You mean non-large folios, right?

> seen this.
> 
>> (Kefeng, please correct me if
>> I missed something). If there is a control like mTHP, we can rely on that
>> instead of 'fault_around'?
> 
> Page cache doesn't currently expose any controls for folio allocation size.
> Personally, I'd like to see some in future becaudse I suspect it will be
> neccessary to limit physical fragmentation. But that is another conversation...

Yes, agree. If writable mmap() path wants to allocate large folios, we 
should rely on some controls or hints (maybe mTHP?).

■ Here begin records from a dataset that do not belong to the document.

Definition all_kfold_pack (V : finType) (e : rel V) (k : nat) : Prop :=
  forall (HV : finType) (eH : rel HV) (L : V -> {set HV}),
    simple_graph eH -> kfold_corr_cover e eH L k -> has_frac_packing eH L.

Definition is_chi_c_bullet (V : finType) (e : rel V) (k : nat) : Prop :=
  (1 <= k)%N /\ all_kfold_pack e k /\
  forall j : nat, (1 <= j)%N -> (j < k)%N -> ~ all_kfold_pack e j.

(* A fractional packing of a (k+1)-fold cover of G [] F is built one copy G x {w} at a
   time, adding the vertices w of the forest F in an order in which each has at most one
   earlier neighbour u.  Given a random independent transversal I of the copies added so
   far, delete one vertex from each list L(v,w): the partner of the vertex of I in L(v,u)
   under a perfect matching between L(v,u) and L(v,w) extending the edges of the cover
   (or a uniformly random vertex if w has no earlier neighbour).  Each vertex of L(v,w) is
   deleted with probability 1/(k+1), and the remaining lists form a k-fold cover of G
   with no edges to I, so a random transversal J from a packing of it extends I.  A
   vertex of L(v,w) then lies in I :|: J with probability (1 - 1/(k+1))/k = 1/(k+1). *)

From mathcomp Require Import all_boot all_algebra.
From mathcomp Require Import Rstruct ring.
From Stdlib Require Import ClassicalEpsilon.
Set Implicit Arguments. Unset Strict Implicit. Unset Printing Implicit Defensive.
Import GRing.Theory Num.Theory.
Local Open Scope ring_scope.

Section Forest.
Variables (W : finType) (f : rel W).
Hypotheses (f_sym : symmetric f) (f_irr : irreflexive f) (f_acyc : acyclic_graph f).

Lemma acyclic_path_chord (x z : W) (s : seq W) :
  uniq (x :: s) -> path f x s -> f x z -> z \in s -> z = head x s.
Proof.
move=> us ps fxz zs; move: us ps; case/splitPr: zs => s1 s2.
case: s1 => [//|y s1] us ps; exfalso.
set c := x :: rcons (y :: s1) z.
have uc : uniq c.
  move: us; rewrite -cat_rcons; apply: subseq_uniq.
  by rewrite -cat_cons prefix_subseq.
have sc : (3 <= size c)%N by rewrite /= size_rcons.
have cc : cycle f c.
  rewrite /c /= rcons_path rcons_path last_rcons (f_sym z) fxz andbT.
  by move: ps; rewrite cat_path /= => /and3P[/andP[-> ->] -> _].
by move: (f_acyc uc sc); rewrite cc.
Qed.

Lemma acyclic_leaf (T : {set W}) :
  T != set0 -> exists2 w, w \in T & (#|[set u in T | f w u]| <= 1)%N.
Proof.
move=> /set0Pn[x0 x0T].
have [/exists_inP[w wT leaf]|] :=
  boolP [exists w in T, #|[set u in T | f w u]| <= 1]%N; first by exists w.
rewrite negb_exists_in => /forall_inP branching.
have long_path n : exists x s,
    [/\ uniq (x :: s), path f x s, all [in T] (x :: s) & size s = n].
  elim: n => [|n [x [s [us ps sT ss]]]]; first by exists x0, [::]; rewrite /= x0T.
  have xT : x \in T by case/andP: sT.
  have /card_gt1P[a [b [+ + ab]]] : (1 < #|[set u in T | f x u]|)%N.
    by rewrite ltnNge branching.
  rewrite !inE => /andP[aT fxa] /andP[bT fxb].
  have [z [zT fxz zh]] : exists z, [/\ z \in T, f x z & z != head x s].
    case: (eqVneq a (head x s)) => [ha|]; last by exists a.
    by exists b; rewrite -ha eq_sym.
  have zx : z != x by apply: contraTneq fxz => ->; rewrite f_irr.
  have zs : z \notin x :: s.
    by rewrite inE negb_or zx; apply: contra zh => /(acyclic_path_chord us ps fxz) ->.
  exists z, (x :: s); split; last by rewrite /= ss.
  - by rewrite cons_uniq zs us.
  - by rewrite /= (f_sym z) fxz ps.
  - by rewrite /= zT.
have [x [s [us _ _ ss]]] := long_path #|W|.
by have := max_card (mem (x :: s)); rewrite (card_uniqP us) /= ss ltnn.
Qed.

End Forest.

Section Matchings.
Variable T : finType.

Lemma card_sep_le1W (A A' : {set T}) (P : pred T) :
  A' \subset A -> (#|[set z in A | P z]| <= 1)%N -> (#|[set z in A' | P z]| <= 1)%N.
Proof.
move=> sA; apply: leq_trans; apply: subset_leq_card; apply/subsetP=> z.
by rewrite !inE => /andP[/(subsetP sA) -> ->].
Qed.

Lemma card_sep_le1_eq (A : {set T}) (P : pred T) x y :
  (#|[set z in A | P z]| <= 1)%N -> x \in A -> y \in A -> P x -> P y -> x = y.
Proof. by move=> /card_le1_eqP eqA xA yA Px Py; apply: eqA; rewrite inE ?xA ?yA. Qed.

Variable r : rel T.

Definition partial_matching (A B : {set T}) :=
  {in A, forall a, #|[set b in B | r a b]| <= 1}%N /\
  {in B, forall b, #|[set a in A | r a b]| <= 1}%N.

Lemma partial_matchingD1 (A B : {set T}) a b :
  partial_matching A B -> partial_matching (A :\ a) (B :\ b).
Proof.
case=> mA mB; split=> [a' | b'] /setD1P[_ ?].
  exact: card_sep_le1W (subD1set _ _) (mA a' _).
exact: (card_sep_le1W (P := r^~ b') (subD1set _ _) (mB b' _)).
Qed.

(* Match first an edge of [r] if there is one, otherwise any pair. *)
Lemma partial_matching_pair (A B : {set T}) :
  partial_matching A B -> A != set0 -> B != set0 ->
  exists a b, [/\ a \in A, b \in B &
    {in A & B, forall a' b', r a' b' -> (a' == a) = (b' == b)}].
Proof.
move=> [mA mB] /set0Pn[a0 a0A] /set0Pn[b0 b0B].
have [/exists_inP[a aA /exists_inP[b bB rab]] | ] :=
  boolP [exists a in A, exists b in B, r a b].
  exists a, b; split=> // a' b' a'A b'B ra'b'.
  case: (eqVneq a' a) => [ea | na].
    by rewrite ea in ra'b'; rewrite (card_sep_le1_eq (mA a aA) b'B bB ra'b' rab) eqxx.
  case: (eqVneq b' b) => [eb | //]; rewrite eb in ra'b'.
  by move: na; rewrite (card_sep_le1_eq (P := r^~ b) (mB b bB) a'A aA ra'b' rab) eqxx.
rewrite negb_exists_in => /forall_inP noedge.
exists a0, b0; split=> // a' b' a'A b'B ra'b'.
by move: (noedge a' a'A) => /exists_inPn /(_ b' b'B); rewrite ra'b'.
Qed.

Lemma partial_matching_extend (A B : {set T}) :
  #|A| = #|B| -> partial_matching A B ->
  exists g : T -> T, [/\ {in A &, injective g}, {in A, forall a, g a \in B} &
    {in A & B, forall a b, r a b -> g a = b}].
Proof.
move eqn : #|A| => n; elim: n A B eqn => [|n IH] A B cA cAB mAB.
  by exists id; split=> a; move: cA => /card0_eq ->.
have A0 : A != set0 by rewrite -card_gt0 cA.
have B0 : B != set0 by rewrite -card_gt0 -cAB.
have [a [b [aA bB ab]]] := partial_matching_pair mAB A0 B0.
have cA' : #|A :\ a| = n by move: cA; rewrite (cardsD1 a) aA => -[].
have cAB' : n = #|B :\ b| by move: cAB; rewrite (cardsD1 b) bB => -[].
have [g [g_inj gB gr]] := IH _ _ cA' cAB' (partial_matchingD1 a b mAB).
have gD1 x : x \in A -> x != a -> g x \in B :\ b.
  by move=> xA xa; apply: gB; rewrite in_setD1 xa.
exists (fun x => if x == a then b else g x); split.
- move=> x y xA yA /=.
  case: (eqVneq x a) => [-> | xa]; case: (eqVneq y a) => [-> | ya] //.
  + by move/esym/eqP; have /setD1P[/negPf ->] := gD1 y yA ya.
  + by move/eqP; have /setD1P[/negPf ->] := gD1 x xA xa.
  + by apply: g_inj; apply/setD1P.
- move=> x xA /=; case: (eqVneq x a) => [_ | xa] //.
  by have /setD1P[] := gD1 x xA xa.
- move=> x y xA yB rxy /=; have := ab x y xA yB rxy.
  case: (eqVneq x a) => [_ /esym/eqP // | xa yb].
  by apply: gr; rewrite // !inE ?xa ?xA ?yB -?yb.
Qed.

Lemma injective_onto (g : T -> T) (A B : {set T}) :
  {in A &, injective g} -> {in A, forall a, g a \in B} -> #|A| = #|B| ->
  {in B, forall b, exists2 a, a \in A & g a = b}.
Proof.
move=> g_inj gB cAB b bB.
have /eqP gA : g @: A == B.
  rewrite eqEcard (card_in_imset g_inj) cAB leqnn andbT.
  by apply/subsetP => _ /imsetP[a /gB ? ->].
by move: bB; rewrite -gA => /imsetP[a aA ->]; exists a.
Qed.

End Matchings.

Section EnumCast.
Variables (T : finType) (A : {set T}) (n : nat) (cardA : #|A| = n).

Definition enum_cast (j : 'I_n) : T := enum_val (cast_ord (esym cardA) j).

Lemma enum_castP j : enum_cast j \in A.
Proof. exact: enum_valP. Qed.

Lemma sum_enum_cast_eq (R : pzSemiRingType) x :
  x \in A -> \sum_(j < n) ((enum_cast j == x)%:R : R) = 1.
Proof.
move=> xA; pose jx := cast_ord cardA (enum_rank_in xA x).
have jxE : enum_cast jx = x by rewrite /enum_cast cast_ordK enum_rankK_in.
rewrite (bigD1 jx) //= jxE eqxx big1 ?addr0 // => j /negPf jxF.
case: eqP => // jE; rewrite -jE in jxE.
by move: jxF; rewrite (cast_ord_inj (enum_val_inj jxE)) eqxx.
Qed.

End EnumCast.

Section Pushforward.
Variables (A B : finType) (R : nmodType) (h : A -> B) (F : A -> R).

Definition pushforward : {ffun B -> R} := [ffun b => \sum_(a | h a == b) F a].

Lemma sum_pushforward (P : pred B) :
  \sum_(b | P b) pushforward b = \sum_(a | P (h a)) F a.
Proof.
rewrite (partition_big h P) //=; apply: eq_bigr => b Pb; rewrite ffunE.
by apply: eq_bigl => a; case: eqP => [->|]; rewrite ?Pb ?andbF.
Qed.

Lemma pushforward_neq0 b : pushforward b != 0 -> exists2 a, h a = b & F a != 0.
Proof.
rewrite ffunE => Fb; have [/existsP[a /andP[/eqP ha Fa]] | ] :=
  boolP [exists a, (h a == b) && (F a != 0)]; first by exists a.
rewrite negb_exists => /forallP F0; move: Fb; rewrite big1 ?eqxx // => a hab.
by move: (F0 a); rewrite hab negbK => /eqP.
Qed.

End Pushforward.

Local Notation R := Rdefinitions.R.

(* [corr_cover] without the covering condition, so that it passes to sublists. *)
Definition precover (V HV : finType) (e : rel V) (eH : rel HV) (L : V -> {set HV}) :=
  [/\ forall u v, u != v -> [disjoint L u & L v],
      forall v x y, x \in L v -> y \in L v -> x != y -> eH x y,
      forall u v, u != v -> ~~ e u v ->
        forall x y, x \in L u -> y \in L v -> ~~ eH x y &
      forall u v, e u v -> forall x, x \in L u -> #|[set y in L v | eH x y]| <= 1]%N.

Definition partial_packing (X HV : finType) (eH : rel HV) (L : X -> {set HV})
    (D : {set X}) (k : nat) (p : {ffun {set HV} -> R}) :=
  [/\ forall I, 0 <= p I, \sum_(I : {set HV}) p I = 1,
      forall I, p I != 0 -> [/\ I \subset \bigcup_(v in D) L v,
        {in I &, forall x y, ~~ eH x y} & forall v, #|I :&: L v| = (v \in D)]
    & forall v x, v \in D -> x \in L v -> \sum_(I : {set HV} | x \in I) p I = k%:R^-1].

Section Precover.
Variables (V HV : finType) (e : rel V) (eH : rel HV) (L : V -> {set HV}).

Lemma corr_cover_precover : corr_cover e eH L -> precover e eH L.
Proof. by case=> ? [_ [? [? ?]]]. Qed.

Lemma precoverS (L' : V -> {set HV}) :
  (forall v, L' v \subset L v) -> precover e eH L -> precover e eH L'.
Proof.
move=> sL [dis cl na mat]; split.
- by move=> u v uv; apply: disjointWl (sL u) _; apply: disjointWr (sL v) _; apply: dis.
- by move=> v x y /(subsetP (sL v)) xv /(subsetP (sL v)); apply: cl.
- by move=> u v uv nuv x y /(subsetP (sL u)) xu /(subsetP (sL v)) yv; apply: (na u v).
- by move=> u v uv x /(subsetP (sL u)) xu; apply: card_sep_le1W (sL v) (mat u v uv x xu).
Qed.

Lemma partial_packing0 k : partial_packing eH L set0 k [ffun I => (I == set0)%:R].
Proof.
split=> [I | | I | v x]; rewrite ?inE //.
- by rewrite ffunE ler0n.
- rewrite (bigD1 set0) //= ffunE eqxx big1 ?addr0 // => I /negPf I0.
  by rewrite ffunE I0.
- rewrite ffunE; case: (eqVneq I set0) => [-> _ | _]; last by rewrite eqxx.
  split=> [ | x y | v].
  + exact: sub0set.
  + by rewrite inE.
  + by rewrite set0I cards0 inE.
Qed.

Lemma partial_packing_setT k p :
  partial_packing eH L setT k p -> (forall v, #|L v| = k) -> has_frac_packing eH L.
Proof.
move=> [p_ge0 p_sum p_supp p_marg] cardL; exists p; split=> //; split; last first.
  by split=> // v x xv; rewrite cardL (p_marg v) ?inE.
move=> I; apply: contraNeq => /p_supp[_ indI cardI]; apply/andP; split.
  by apply/forall_inP => x xI; apply/forall_inP => y yI; apply: indI.
by apply/forallP => v; rewrite cardI inE.
Qed.

Section Restriction.
Let S := {x : HV | x \in \bigcup_v L v}.
Let LS v : {set S} := [set y | val y \in L v].
Let eS : rel S := relpre val eH.

Lemma card_restrict v : #|LS v| = #|L v|.
Proof.
rewrite -(card_imset _ val_inj); apply: eq_card => x.
apply/imsetP/idP => [[y] | xv]; first by rewrite inE => ? ->.
have xU : x \in \bigcup_v L v by apply/bigcupP; exists v.
by exists (exist _ x xU); rewrite ?inE.
Qed.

>> [1] https://lore.kernel.org/all/f1783ff0-65bd-4b2b-8952-52b6822a0835@redhat.com/
>>
>>> Yes, the current changes is not enough, I hint some issue and still debugging,
>>> so our direction is trying to map large folio for do_shared_fault(), right?
> 
> We just need to make sure that if finish_fault() has a (non-shmem) large folio,
> it never maps more than fault_around_pages, and it does it in a way that is
> naturally aligned in virtual space (like do_fault_around() does).
> do_fault_around() actually tries to get other folios from the page cache to map.
> We don't want to do that; we just want to make sure that we don't inflate a
> process's RSS by mapping unbounded large folios.
> 
> Another (orthogonal, longer term) strategy would be to optimize
> contpte_convert(). arm64 has a feature called "BBM level 2"; we could
> potentially elide the TLBIs for systems that support this. But ultimately its
> best to avoid the need for folding in the first place.
> 
> Thanks,
> Ryan
> 
>>
>> I think this is the right direction to do. I add this '!vma_is_anon_shmem(vma)'
>> conditon to gradually implement support for large folio mapping buidling,
>> especially for writable mmap() support in tmpfs.
>>

[snip]

Ryan Roberts June 25, 2024, 12:41 p.m. UTC | #10

On 25/06/2024 13:37, Baolin Wang wrote:

[...]

>>> For other filesystems, like ext4, I did not found the logic to determin what
>>> size of folio to allocate in writable mmap() path
>>
>> Yes I'd be keen to understand this to. When I was doing contpte, page cache
>> would only allocate large folios for readahead. So that's why I wouldn't have
> 
> You mean non-large folios, right?

No I mean that at the time I wrote contpte, the policy was to allocate an
order-0 folio for any writes that missed in the page cache, and allocate large
folios only when doing readahead from storage into page cache. The test that is
regressing is doing writes.

Matthew Wilcox June 25, 2024, 1:06 p.m. UTC | #11

On Tue, Jun 25, 2024 at 01:41:02PM +0100, Ryan Roberts wrote:
> On 25/06/2024 13:37, Baolin Wang wrote:
> 
> [...]
> 
> >>> For other filesystems, like ext4, I did not found the logic to determin what
> >>> size of folio to allocate in writable mmap() path
> >>
> >> Yes I'd be keen to understand this to. When I was doing contpte, page cache
> >> would only allocate large folios for readahead. So that's why I wouldn't have
> > 
> > You mean non-large folios, right?
> 
> No I mean that at the time I wrote contpte, the policy was to allocate an
> order-0 folio for any writes that missed in the page cache, and allocate large
> folios only when doing readahead from storage into page cache. The test that is
> regressing is doing writes.

mmap() faults also use readahead.

filemap_fault():

        folio = filemap_get_folio(mapping, index);
        if (likely(!IS_ERR(folio))) {
                if (!(vmf->flags & FAULT_FLAG_TRIED))
                        fpin = do_async_mmap_readahead(vmf, folio);
which does:
        if (folio_test_readahead(folio)) {
                fpin = maybe_unlock_mmap_for_io(vmf, fpin);
                page_cache_async_ra(&ractl, folio, ra->ra_pages);

which has been there in one form or another since 2007 (3ea89ee86a82).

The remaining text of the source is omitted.